Individual performance readings of this test seem to shine a light on the imperfections of the testing strategy but I think as a whole it tells a very convincing story.

It seems that for just about any size integer array, the native code is either significantly faster or just about breaking even. We’ve gone over what might be slowing it down at the small end (extra array copy & JNI transition cost). But, why does performance also seem to drop at the large end? There are a couple of things we need to investigate first. For starters, why was is C faster at all?

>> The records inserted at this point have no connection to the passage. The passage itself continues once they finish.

(* Let $\ell$ and $m$ be positive integers with $\ell\le m$, let $G$ be a group written additively, let $\mathbf{a}=(a_1,\dots,a_m)$ be a sequence of elements of $G$, and let $A$ be the set of distinct terms of $\mathbf{a}$. Then \[ |\Sigma^{\ell}(\mathbf{a})|\ \ge\ \min\Big(p(G),\ \sum_{a\in A}\mu_{\mathbf{a}}(a)-\ell+1\Big). \]
   Context: $p(G)$ is the order of the smallest nontrivial subgroup of $G$, or $\infty$ if no such subgroup exists. $\Sigma^{\ell}(\mathbf{a})$ is the set of all elements $a_{i_1}+\cdots+a_{i_\ell}$ with $i_1,\dots,i_\ell\in[1,m]$ pairwise distinct, taken in any order. $\rho_a(\mathbf{a})=|\{i\in[1,m]:a_i=a\}|$ and $\mu_{\mathbf{a}}(a)=\min(\ell,\rho_a(\mathbf{a}))$. *)

(* The group G is a (possibly infinite, possibly
   non-abelian) group, modelled by MathComp's [groupType] from
   boot/monoid.v; the paper's additive notation a + b is rendered as the
   group law [mul a b], and 0 as [one]. *)
From mathcomp Require Import all_boot.
Set Implicit Arguments.
Unset Strict Implicit.
Unset Printing Implicit Defensive.

Definition fin_nontriv_subgroup (G : groupType) (s : seq G) : Prop :=
  [/\ uniq s, group_closed [pred x | x \in s] & has (fun x => x != one) s].

(* [is_pG G p] : p is p(G), the order of the smallest nontrivial subgroup
   of G; [None] encodes p(G) = infinity (no nontrivial subgroup of finite
   order; infinite subgroups have infinite order). *)
Definition is_pG (G : groupType) (p : option nat) : Prop :=
  match p with
  | Some n => (exists s : seq G, fin_nontriv_subgroup s /\ size s = n) /\
              (forall s : seq G, fin_nontriv_subgroup s -> n <= size s)
  | None => forall s : seq G, ~ fin_nontriv_subgroup s
  end.

Definition min_opt (p : option nat) (k : nat) : nat :=
  match p with Some n => minn n k | None => k end.

(* Sigma^l(a): all sums a_{i_1} + ... + a_{i_l} with i_1, ..., i_l pairwise
   distinct indices, in any order (the order being i_1, ..., i_l), as a
   duplicate-free list. *)
Definition sigma_l (G : groupType) (m l : nat) (a : 'I_m -> G) : seq G :=
  undup [seq \big[mul/one]_(k < l) a (f k)
        | f : {ffun 'I_l -> 'I_m} <- enum {ffun 'I_l -> 'I_m}
        & injectiveb (fun k => f k)].

Definition rho (G : groupType) (m : nat) (a : 'I_m -> G) (x : G) : nat :=
  #|[pred i | a i == x]|.

Definition mu (G : groupType) (m l : nat) (a : 'I_m -> G) (x : G) : nat :=
  minn l (rho a x).

(* Kemperman's inequality |AB| >= min(p(G), |A| + |B| - 1), valid in every
   group, is proved by Hamidoune's isoperimetric method.  With 1 in B, work in
   the subgroup K generated by B: a fragment of C is a nonempty X in K whose
   product XC does not cover K, kappa is the least value of |XC| - |X| over the
   fragments of B and of B^-1, and an atom is a smallest fragment attaining
   kappa.  Two atoms that meet are equal, so an atom translated to contain 1 is
   a finite subgroup H: either H = 1 and |B| = kappa + 1, or H and a coset Hb
   are disjoint inside HB, whence p(G) <= |H| <= kappa.  For A in K this gives
   |AB| >= |A| + kappa when AB does not cover K, and |AB| >= |K| >= p(G)
   otherwise; a general A is split along the left cosets of K.
   For the restricted sums, Sigma^(l+1) contains Sigma^l(a') W, where W is the
   set of values of multiplicity greater than l (or a single value if there is
   none) and a' is a with one copy of each element of W removed; Kemperman's
   inequality and induction on l give the bound. *)

From mathcomp Require Import all_boot.
From mathcomp Require Import finmap boolp zify.
From Stdlib Require Import Classical.
Set Implicit Arguments.
Unset Strict Implicit.
Unset Printing Implicit Defensive.

Local Open Scope fset_scope.
Local Open Scope nat_scope.
Local Open Scope group_scope.

Definition mulfs (G : groupType) (A B : {fset G}) : {fset G} :=
  [fset a * b | a in A, b in B].
Definition invfs (G : groupType) (A : {fset G}) : {fset G} := [fset a^-1 | a in A].

Local Notation "A :*: B" := (mulfs A B) (at level 40, left associativity).

Section ProductSets.
Variable G : groupType.
Implicit Types (A B C : {fset G}) (g y : G).

Lemma mulfsP A B y :
  reflect (exists a b, [/\ a \in A, b \in B & y = a * b]) (y \in A :*: B).
Proof.
apply: (iffP (imfset2P _ _ _ _ _)) => [[a aA [b bB ->]]|[a [b [aA bB ->]]]].
  by exists a, b.
by exists a => //; exists b.
Qed.

Lemma mem_mulfs A B a b : a \in A -> b \in B -> a * b \in A :*: B.
Proof. by move=> aA bB; apply/mulfsP; exists a, b. Qed.

Lemma mulfsA A B C : A :*: (B :*: C) = A :*: B :*: C.
Proof.
apply/fsetP => y; apply/mulfsP/mulfsP.
  move=> [a [_ [aA /mulfsP[b [c [bB cC ->]]] ->]]].
  by exists (a * b), c; rewrite mulgA mem_mulfs.
move=> [_ [c [/mulfsP[a [b [aA bB ->]]] cC ->]]].
by exists a, (b * c); rewrite mulgA mem_mulfs.
Qed.

Lemma mulfsS A A' B B' : A `<=` A' -> B `<=` B' -> A :*: B `<=` A' :*: B'.
Proof.
move=> /fsubsetP sA /fsubsetP sB; apply/fsubsetP => _ /mulfsP[a [b [aA bB ->]]].
by rewrite mem_mulfs ?sA ?sB.
Qed.

Lemma mulfsU A A' B : (A `|` A') :*: B = (A :*: B) `|` (A' :*: B).
Proof.
apply/fsetP => y; rewrite in_fsetU; apply/mulfsP/orP.
  by move=> [a [b [+ bB ->]]]; rewrite in_fsetU => /orP[] aA; [left|right];
    rewrite mem_mulfs.
by move=> [] /mulfsP[a [b [aA bB ->]]]; exists a, b; rewrite in_fsetU aA ?orbT.
Qed.

Lemma sub_mulfs1 A B : 1 \in B -> A `<=` A :*: B.
Proof. by move=> B1; apply/fsubsetP => a aA; rewrite -[a]mulg1 mem_mulfs. Qed.

Lemma mem_mulfs1l g A y : (y \in [fset g] :*: A) = (g^-1 * y \in A).
Proof.
apply/mulfsP/idP => [[_ [a [/fset1P-> aA ->]]]|yA]; first by rewrite mulKg.
by exists g, (g^-1 * y); rewrite fset11 mulVKg.
Qed.

Lemma mem_mulfs1r A g y : (y \in A :*: [fset g]) = (y * g^-1 \in A).
Proof.
apply/mulfsP/idP => [[a [_ [aA /fset1P-> ->]]]|yA]; first by rewrite mulgK.
by exists (y * g^-1), g; rewrite fset11 mulgVK.
Qed.
Hypothesis w_ge0 : forall e, 0 <= w e.
Hypothesis T_wf : st_wf tl hd T.
Hypothesis sct_laplacian : forall D, in_tree D T -> laplacian_on (S D) (st_bd D).
Hypothesis lap_laplacian : forall H, in_tree H T ->
  laplacian_on (L H) (st_bd H :|: st_F tl hd H).
Hypothesis eps_ge0 : 0 <= eps.
Hypothesis sct_approx : forall D, nonroot D T ->
  approx eps (S D) (SC (L D) (st_bd D :|: st_F tl hd D) (st_bd D)).

Lemma qf_edge_op_le D z : nonroot D T ->
  qf (L D) (edge_op tl hd w D *m z) <= expR eps * qf (S D) z.
Proof.
move=> DT; have DinT := nonroot_in_tree DT.
have [lapL suppL] := lap_laplacian DinT; have [tL _ _] := lapL.
have [lapS suppS] := sct_laplacian DinT; have [tS _ _] := lapS.
apply: (qf_pinv_mul_le _ _ tL _ suppL (subsetUl _ _) tS _ suppS).
- exact: expR_gt0.
- exact: laplacian_psdmx.
- exact: laplacian_psdmx.
- by rewrite -expRN; case: (sct_approx DT).
Qed.

Lemma sqnorm_child_le D k z : nonroot D T -> (st_level D <= k)%N ->
  (forall x, sqnorm (M D *m x) <= expR ((st_level D)%:R * eps) * qf (L D) x) ->
  sqnorm (M D *m (edge_op tl hd w D *m z))
    <= expR (k%:R * eps) * (expR eps * qf (S D) z).
Proof.
move=> DT levD IH; apply: le_trans (IH _) _.
have [lapD _] := lap_laplacian (nonroot_in_tree DT).
apply: le_trans (ler_wpM2l (expR_ge0 _) (qf_edge_op_le z DT)).
by rewrite ler_wpM2r ?laplacian_psdmx // ler_expR ler_wpM2r // ler_nat.
Qed.

Lemma sqnorm_st_M_le H z : in_tree H T ->
  sqnorm (M H *m z) <= expR ((st_level H)%:R * eps) * qf (L H) z.
Proof.
elim: H z => [Es bd s|Es bd Sp s l IHl r IHr] z HT.
  by rewrite sqnorm_st_M_leaf // mul0r expR0 mul1r.
have lT := in_tree_trans (in_tree_left _ _ _ _ _ _) HT.
have rT := in_tree_trans (in_tree_right _ _ _ _ _ _) HT.
have lnr : nonroot l T by apply: in_tree_nonroot HT _; left; apply: in_tree_refl.
have rnr : nonroot r T by apply: in_tree_nonroot HT _; right; apply: in_tree_refl.
rewrite sqnorm_st_M_node; last exact: in_tree_wf HT T_wf.
rewrite /= qf_addmx -natr1 mulrDl mul1r expRD -mulrA !mulrDr.
apply: lerD; apply: sqnorm_child_le; rewrite ?leq_maxl ?leq_maxr //.
- by move=> x; apply: IHl x lT.
- by move=> x; apply: IHr x rT.
Qed.

End LevelBound.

To answer that, we’ll dive into some assembly!

// Simplified C Code
int sumC(int* body, int size){
  int sum = 0;
  for(int i = 0; i < size; i++) {
    sum += body[i];
  }
  return sum;
}

// ARM Assembly generated with Clang 17.0.1 (-O3)
.LBB0_5: // loop jump label

// ldp = load a pair of registers
// q2, q3 = into two quadword (128-bit) registers q2 & q3
// from the address in register x8 minus 16
ldp q2, q3, [x8, #-16]

// add 32 bytes (128-bit times two) to address register x8
add x8, x8, #32

// subtract 8 from loop array index stored in register x11
subs x11, x11, #8

// add register values in v2.4s and v0.4s and store in v0.4s
// where v2.4s is our loaded quad word register q2 interpreted
// as 4 signed 32-bit numbers. And v0.4s is a running sum.
add v0.4s, v2.4s, v0.4s

// [see comments above]
add v1.4s, v3.4s, v1.4s

// branch to beginning of loop if subs didn’t produce 0
b.ne 

// add rolling sum register v1.4s into rolling sum v0.4s
add v0.4s, v1.4s, v0.4s

// fold by adding rolling sum quadword into single 32-bit register s0
addv s0, v0.4s

… // individually add remaining values, if array was not divisible by 8

You can check it out yourself in Compiler Explorer (Godbolt) too!

In summary, the assembly code above is performing vector additions of 8 values per loop iteration as opposed to just the one addition that was originally written. This is the reason performance skyrockets so quickly for compiled C in this summation test.

So, if C is capable of performing 8 additions per loop iteration, how does Kotlin ever catch up?

SIMD Waiting on the D

The iterative performance tests tend to set the cache in a favorable state for that which is being tested. For example, if a test calculates the sum of one thousand numbers for the first time, the data backing the array might not be cached or it might be in a slower cache or it could be in a mix of the two. But if that data is immediately used after to calculate the sum again, those numbers will almost surely be primed and ready in the fastest cache available to the CPU core running the test. But that isn’t true for any quantity of data.

Once the amount of integers, or the size of the backing data, reaches a certain threshold it can no longer fit in the fastest cache available to the core. As the amount gets larger, eventually the data doesn’t fit in even the slowest cache and can only be fetched from main memory (RAM). As far as I know, this is valid for any system aside from maybe an embedded system in an automatic cat feeder. (However, there is a uniqueness to how Android handles memory too large for even the system’s RAM. You can read more about zRAM, memory-mapped, and memory strategies used in the Android developers documentation here.)

So another thing to ask is what are the cache thresholds and how do they compare to the size of our integer arrays?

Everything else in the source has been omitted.